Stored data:
::::

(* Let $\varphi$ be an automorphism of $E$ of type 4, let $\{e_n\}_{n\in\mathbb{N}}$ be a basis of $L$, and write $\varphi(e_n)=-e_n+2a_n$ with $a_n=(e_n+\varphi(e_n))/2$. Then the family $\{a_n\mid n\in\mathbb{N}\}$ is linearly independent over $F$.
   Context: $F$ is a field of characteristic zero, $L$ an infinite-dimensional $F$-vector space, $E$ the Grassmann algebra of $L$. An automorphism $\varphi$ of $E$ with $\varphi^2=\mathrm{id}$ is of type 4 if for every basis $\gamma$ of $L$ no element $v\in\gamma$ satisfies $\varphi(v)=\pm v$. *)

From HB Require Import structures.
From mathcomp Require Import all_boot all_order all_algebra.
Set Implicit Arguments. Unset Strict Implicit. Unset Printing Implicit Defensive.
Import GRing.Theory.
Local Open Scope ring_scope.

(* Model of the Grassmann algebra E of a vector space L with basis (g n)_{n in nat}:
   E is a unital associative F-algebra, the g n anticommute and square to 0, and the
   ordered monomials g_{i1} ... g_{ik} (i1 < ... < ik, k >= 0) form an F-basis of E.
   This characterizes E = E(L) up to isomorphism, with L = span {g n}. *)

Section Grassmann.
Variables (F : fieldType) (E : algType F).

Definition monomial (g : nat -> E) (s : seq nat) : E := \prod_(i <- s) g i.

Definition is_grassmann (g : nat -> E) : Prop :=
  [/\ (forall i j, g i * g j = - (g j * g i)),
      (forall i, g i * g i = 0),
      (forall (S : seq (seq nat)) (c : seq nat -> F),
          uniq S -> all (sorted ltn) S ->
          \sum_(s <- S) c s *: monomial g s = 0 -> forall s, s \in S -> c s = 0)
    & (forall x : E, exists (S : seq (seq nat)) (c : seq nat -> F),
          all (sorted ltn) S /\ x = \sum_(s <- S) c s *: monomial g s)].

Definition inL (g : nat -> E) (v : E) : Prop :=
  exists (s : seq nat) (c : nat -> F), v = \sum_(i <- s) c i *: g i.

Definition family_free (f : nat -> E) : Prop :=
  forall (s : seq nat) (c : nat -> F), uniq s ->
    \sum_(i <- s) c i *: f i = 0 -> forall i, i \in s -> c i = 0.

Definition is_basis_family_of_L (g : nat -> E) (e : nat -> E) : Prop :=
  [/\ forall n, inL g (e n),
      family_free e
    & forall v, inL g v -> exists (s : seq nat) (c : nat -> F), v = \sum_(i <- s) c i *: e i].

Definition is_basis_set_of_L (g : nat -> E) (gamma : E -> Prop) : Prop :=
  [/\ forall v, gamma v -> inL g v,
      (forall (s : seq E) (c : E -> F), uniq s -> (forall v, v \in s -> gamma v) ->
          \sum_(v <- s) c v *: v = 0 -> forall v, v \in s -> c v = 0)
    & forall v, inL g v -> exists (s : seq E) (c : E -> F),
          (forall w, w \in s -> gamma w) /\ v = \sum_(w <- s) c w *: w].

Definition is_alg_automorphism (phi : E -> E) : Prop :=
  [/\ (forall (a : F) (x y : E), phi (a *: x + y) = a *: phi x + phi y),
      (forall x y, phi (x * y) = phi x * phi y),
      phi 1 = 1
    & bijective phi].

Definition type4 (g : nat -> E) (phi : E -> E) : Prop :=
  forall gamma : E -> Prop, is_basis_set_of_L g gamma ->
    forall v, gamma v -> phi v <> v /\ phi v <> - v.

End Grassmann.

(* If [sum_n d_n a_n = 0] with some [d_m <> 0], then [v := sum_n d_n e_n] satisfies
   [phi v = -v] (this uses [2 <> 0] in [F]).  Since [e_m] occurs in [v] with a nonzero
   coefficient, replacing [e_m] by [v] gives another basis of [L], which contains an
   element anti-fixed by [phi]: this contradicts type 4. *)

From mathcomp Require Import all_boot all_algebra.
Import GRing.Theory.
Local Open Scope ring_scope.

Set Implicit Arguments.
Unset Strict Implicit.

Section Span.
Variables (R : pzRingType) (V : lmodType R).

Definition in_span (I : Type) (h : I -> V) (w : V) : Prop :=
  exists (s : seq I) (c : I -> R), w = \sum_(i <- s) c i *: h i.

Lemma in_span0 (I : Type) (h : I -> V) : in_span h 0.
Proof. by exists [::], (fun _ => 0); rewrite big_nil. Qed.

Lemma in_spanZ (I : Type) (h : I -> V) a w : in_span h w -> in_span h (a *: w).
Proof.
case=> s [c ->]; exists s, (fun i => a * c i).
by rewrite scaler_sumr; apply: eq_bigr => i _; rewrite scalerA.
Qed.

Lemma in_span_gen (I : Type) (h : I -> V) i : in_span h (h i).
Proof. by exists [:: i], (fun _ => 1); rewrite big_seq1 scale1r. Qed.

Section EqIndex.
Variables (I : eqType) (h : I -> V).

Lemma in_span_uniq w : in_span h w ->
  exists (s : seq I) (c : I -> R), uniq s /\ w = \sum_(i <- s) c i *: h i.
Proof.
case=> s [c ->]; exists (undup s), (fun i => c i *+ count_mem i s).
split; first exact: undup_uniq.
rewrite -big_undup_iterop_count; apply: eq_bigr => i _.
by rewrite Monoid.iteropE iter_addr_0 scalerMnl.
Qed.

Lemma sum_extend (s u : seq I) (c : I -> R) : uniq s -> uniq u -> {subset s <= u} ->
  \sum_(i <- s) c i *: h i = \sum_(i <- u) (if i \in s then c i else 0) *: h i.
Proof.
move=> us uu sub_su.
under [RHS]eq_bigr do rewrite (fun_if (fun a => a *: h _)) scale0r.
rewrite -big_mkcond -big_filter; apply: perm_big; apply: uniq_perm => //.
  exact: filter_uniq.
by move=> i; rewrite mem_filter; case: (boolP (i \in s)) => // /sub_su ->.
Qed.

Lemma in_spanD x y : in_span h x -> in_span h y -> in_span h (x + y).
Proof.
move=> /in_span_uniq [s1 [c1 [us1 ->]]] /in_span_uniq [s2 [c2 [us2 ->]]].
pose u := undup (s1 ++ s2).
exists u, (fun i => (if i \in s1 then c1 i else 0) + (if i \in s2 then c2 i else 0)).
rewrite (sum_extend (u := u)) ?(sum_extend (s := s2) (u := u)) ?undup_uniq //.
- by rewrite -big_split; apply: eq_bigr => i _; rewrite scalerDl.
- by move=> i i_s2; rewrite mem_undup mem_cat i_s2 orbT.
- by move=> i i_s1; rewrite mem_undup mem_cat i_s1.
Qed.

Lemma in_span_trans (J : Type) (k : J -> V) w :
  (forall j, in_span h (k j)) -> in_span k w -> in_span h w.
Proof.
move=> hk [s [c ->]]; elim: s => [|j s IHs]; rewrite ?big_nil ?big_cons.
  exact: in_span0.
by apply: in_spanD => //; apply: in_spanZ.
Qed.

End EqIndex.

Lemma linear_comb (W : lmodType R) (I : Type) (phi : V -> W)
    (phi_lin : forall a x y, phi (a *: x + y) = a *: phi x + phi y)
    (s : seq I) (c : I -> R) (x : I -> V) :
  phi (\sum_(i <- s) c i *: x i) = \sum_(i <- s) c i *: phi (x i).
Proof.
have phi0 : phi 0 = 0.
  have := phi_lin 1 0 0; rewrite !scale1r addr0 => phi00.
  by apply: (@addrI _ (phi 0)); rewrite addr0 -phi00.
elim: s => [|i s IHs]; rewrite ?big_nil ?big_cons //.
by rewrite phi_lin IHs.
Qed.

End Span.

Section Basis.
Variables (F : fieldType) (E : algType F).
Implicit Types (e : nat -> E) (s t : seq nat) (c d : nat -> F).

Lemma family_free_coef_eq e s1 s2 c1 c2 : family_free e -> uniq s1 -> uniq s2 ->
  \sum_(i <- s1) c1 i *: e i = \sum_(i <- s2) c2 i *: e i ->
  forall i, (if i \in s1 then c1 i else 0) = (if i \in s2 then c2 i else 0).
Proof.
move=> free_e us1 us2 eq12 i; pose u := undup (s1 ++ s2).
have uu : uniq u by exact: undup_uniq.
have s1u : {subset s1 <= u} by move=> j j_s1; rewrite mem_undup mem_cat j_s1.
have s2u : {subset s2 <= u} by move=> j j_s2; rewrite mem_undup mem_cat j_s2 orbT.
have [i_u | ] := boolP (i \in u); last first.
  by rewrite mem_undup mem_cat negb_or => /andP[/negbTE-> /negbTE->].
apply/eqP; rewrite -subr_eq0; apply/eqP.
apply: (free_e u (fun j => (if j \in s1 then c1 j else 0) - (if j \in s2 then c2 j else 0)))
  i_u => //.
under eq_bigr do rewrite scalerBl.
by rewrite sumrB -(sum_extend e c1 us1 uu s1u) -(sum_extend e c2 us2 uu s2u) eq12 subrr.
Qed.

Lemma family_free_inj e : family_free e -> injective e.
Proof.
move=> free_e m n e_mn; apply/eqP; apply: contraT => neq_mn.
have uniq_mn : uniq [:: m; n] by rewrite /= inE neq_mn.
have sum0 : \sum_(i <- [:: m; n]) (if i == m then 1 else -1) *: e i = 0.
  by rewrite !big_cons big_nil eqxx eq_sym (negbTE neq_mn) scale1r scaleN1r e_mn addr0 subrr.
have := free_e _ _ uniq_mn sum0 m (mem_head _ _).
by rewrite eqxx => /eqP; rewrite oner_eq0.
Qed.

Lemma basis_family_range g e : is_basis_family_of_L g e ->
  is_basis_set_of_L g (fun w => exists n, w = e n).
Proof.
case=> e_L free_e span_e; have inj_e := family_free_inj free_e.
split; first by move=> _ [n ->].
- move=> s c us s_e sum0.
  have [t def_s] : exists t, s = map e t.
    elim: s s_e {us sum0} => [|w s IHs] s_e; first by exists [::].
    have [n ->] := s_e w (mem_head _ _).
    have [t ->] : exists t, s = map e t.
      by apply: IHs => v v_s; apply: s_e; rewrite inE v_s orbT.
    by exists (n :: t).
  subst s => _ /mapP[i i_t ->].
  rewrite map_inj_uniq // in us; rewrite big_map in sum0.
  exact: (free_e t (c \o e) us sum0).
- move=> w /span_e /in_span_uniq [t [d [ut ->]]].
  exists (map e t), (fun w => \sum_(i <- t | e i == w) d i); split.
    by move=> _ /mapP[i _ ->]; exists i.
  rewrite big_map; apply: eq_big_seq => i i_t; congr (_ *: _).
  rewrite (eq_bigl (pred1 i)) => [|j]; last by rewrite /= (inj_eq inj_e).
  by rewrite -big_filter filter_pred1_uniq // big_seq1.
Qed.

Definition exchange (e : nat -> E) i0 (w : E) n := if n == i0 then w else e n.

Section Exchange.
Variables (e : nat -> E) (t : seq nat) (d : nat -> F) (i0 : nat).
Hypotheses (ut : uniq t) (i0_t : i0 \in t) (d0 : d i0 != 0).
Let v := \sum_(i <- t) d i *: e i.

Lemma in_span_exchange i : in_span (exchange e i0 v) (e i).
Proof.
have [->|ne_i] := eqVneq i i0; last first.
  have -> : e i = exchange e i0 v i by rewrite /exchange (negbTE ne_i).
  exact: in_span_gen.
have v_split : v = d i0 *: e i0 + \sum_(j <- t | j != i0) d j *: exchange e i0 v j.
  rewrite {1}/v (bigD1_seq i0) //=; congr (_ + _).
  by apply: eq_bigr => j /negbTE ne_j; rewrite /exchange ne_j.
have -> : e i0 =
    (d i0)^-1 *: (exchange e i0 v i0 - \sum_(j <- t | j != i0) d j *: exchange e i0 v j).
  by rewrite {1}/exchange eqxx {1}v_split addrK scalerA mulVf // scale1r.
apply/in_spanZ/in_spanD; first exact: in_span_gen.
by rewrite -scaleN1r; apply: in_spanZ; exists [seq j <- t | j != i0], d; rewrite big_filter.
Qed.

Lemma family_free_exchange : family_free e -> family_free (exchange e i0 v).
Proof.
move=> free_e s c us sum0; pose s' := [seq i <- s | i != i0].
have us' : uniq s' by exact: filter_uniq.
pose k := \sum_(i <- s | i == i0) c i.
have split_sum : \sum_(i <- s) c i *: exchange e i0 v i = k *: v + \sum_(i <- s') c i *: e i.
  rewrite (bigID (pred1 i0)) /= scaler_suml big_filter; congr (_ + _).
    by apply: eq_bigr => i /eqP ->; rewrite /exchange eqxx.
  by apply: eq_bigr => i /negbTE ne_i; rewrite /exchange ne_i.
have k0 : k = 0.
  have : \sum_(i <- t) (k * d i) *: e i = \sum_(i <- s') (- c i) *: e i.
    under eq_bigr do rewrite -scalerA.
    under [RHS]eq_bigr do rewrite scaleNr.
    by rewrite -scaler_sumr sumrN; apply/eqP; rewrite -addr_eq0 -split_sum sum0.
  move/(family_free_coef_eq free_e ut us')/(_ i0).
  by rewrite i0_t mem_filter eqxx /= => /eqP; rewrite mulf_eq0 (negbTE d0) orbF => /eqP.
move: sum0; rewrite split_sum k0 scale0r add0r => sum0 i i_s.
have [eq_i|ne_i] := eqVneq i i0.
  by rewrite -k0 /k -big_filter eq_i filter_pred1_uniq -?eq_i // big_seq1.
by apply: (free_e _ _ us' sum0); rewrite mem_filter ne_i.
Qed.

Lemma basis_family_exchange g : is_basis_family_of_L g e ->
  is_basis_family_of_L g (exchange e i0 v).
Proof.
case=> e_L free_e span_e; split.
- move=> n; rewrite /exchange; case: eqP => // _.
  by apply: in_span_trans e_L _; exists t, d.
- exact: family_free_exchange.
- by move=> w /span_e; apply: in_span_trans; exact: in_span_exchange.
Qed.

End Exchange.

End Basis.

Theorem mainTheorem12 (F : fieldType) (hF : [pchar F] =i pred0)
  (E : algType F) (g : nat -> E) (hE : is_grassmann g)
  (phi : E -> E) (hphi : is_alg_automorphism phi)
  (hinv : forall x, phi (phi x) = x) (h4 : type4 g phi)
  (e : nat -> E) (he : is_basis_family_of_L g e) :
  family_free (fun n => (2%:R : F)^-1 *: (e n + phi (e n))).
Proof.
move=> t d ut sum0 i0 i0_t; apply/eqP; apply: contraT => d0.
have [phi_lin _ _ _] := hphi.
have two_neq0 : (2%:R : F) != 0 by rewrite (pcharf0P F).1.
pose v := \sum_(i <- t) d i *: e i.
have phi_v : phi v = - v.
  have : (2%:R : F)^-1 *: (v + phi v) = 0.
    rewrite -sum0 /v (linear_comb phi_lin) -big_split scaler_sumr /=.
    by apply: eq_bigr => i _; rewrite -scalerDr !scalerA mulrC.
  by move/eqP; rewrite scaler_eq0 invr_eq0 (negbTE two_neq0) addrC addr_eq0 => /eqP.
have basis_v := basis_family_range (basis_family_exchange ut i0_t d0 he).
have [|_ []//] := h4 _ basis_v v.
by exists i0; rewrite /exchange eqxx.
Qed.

::::

Your task:
Set down, from the entries above, exactly the lines from the one with "elim: s s_e" up to and including the one with "have [->|ne_i] := eqVneq i i0; last first.", and no other lines.

Output:
    elim: s s_e {us sum0} => [|w s IHs] s_e; first by exists [::].
    have [n ->] := s_e w (mem_head _ _).
    have [t ->] : exists t, s = map e t.
      by apply: IHs => v v_s; apply: s_e; rewrite inE v_s orbT.
    by exists (n :: t).
  subst s => _ /mapP[i i_t ->].
  rewrite map_inj_uniq // in us; rewrite big_map in sum0.
  exact: (free_e t (c \o e) us sum0).
- move=> w /span_e /in_span_uniq [t [d [ut ->]]].
  exists (map e t), (fun w => \sum_(i <- t | e i == w) d i); split.
    by move=> _ /mapP[i _ ->]; exists i.
  rewrite big_map; apply: eq_big_seq => i i_t; congr (_ *: _).
  rewrite (eq_bigl (pred1 i)) => [|j]; last by rewrite /= (inj_eq inj_e).
  by rewrite -big_filter filter_pred1_uniq // big_seq1.
Qed.

Definition exchange (e : nat -> E) i0 (w : E) n := if n == i0 then w else e n.

Section Exchange.
Variables (e : nat -> E) (t : seq nat) (d : nat -> F) (i0 : nat).
Hypotheses (ut : uniq t) (i0_t : i0 \in t) (d0 : d i0 != 0).
Let v := \sum_(i <- t) d i *: e i.

Lemma in_span_exchange i : in_span (exchange e i0 v) (e i).
Proof.
have [->|ne_i] := eqVneq i i0; last first.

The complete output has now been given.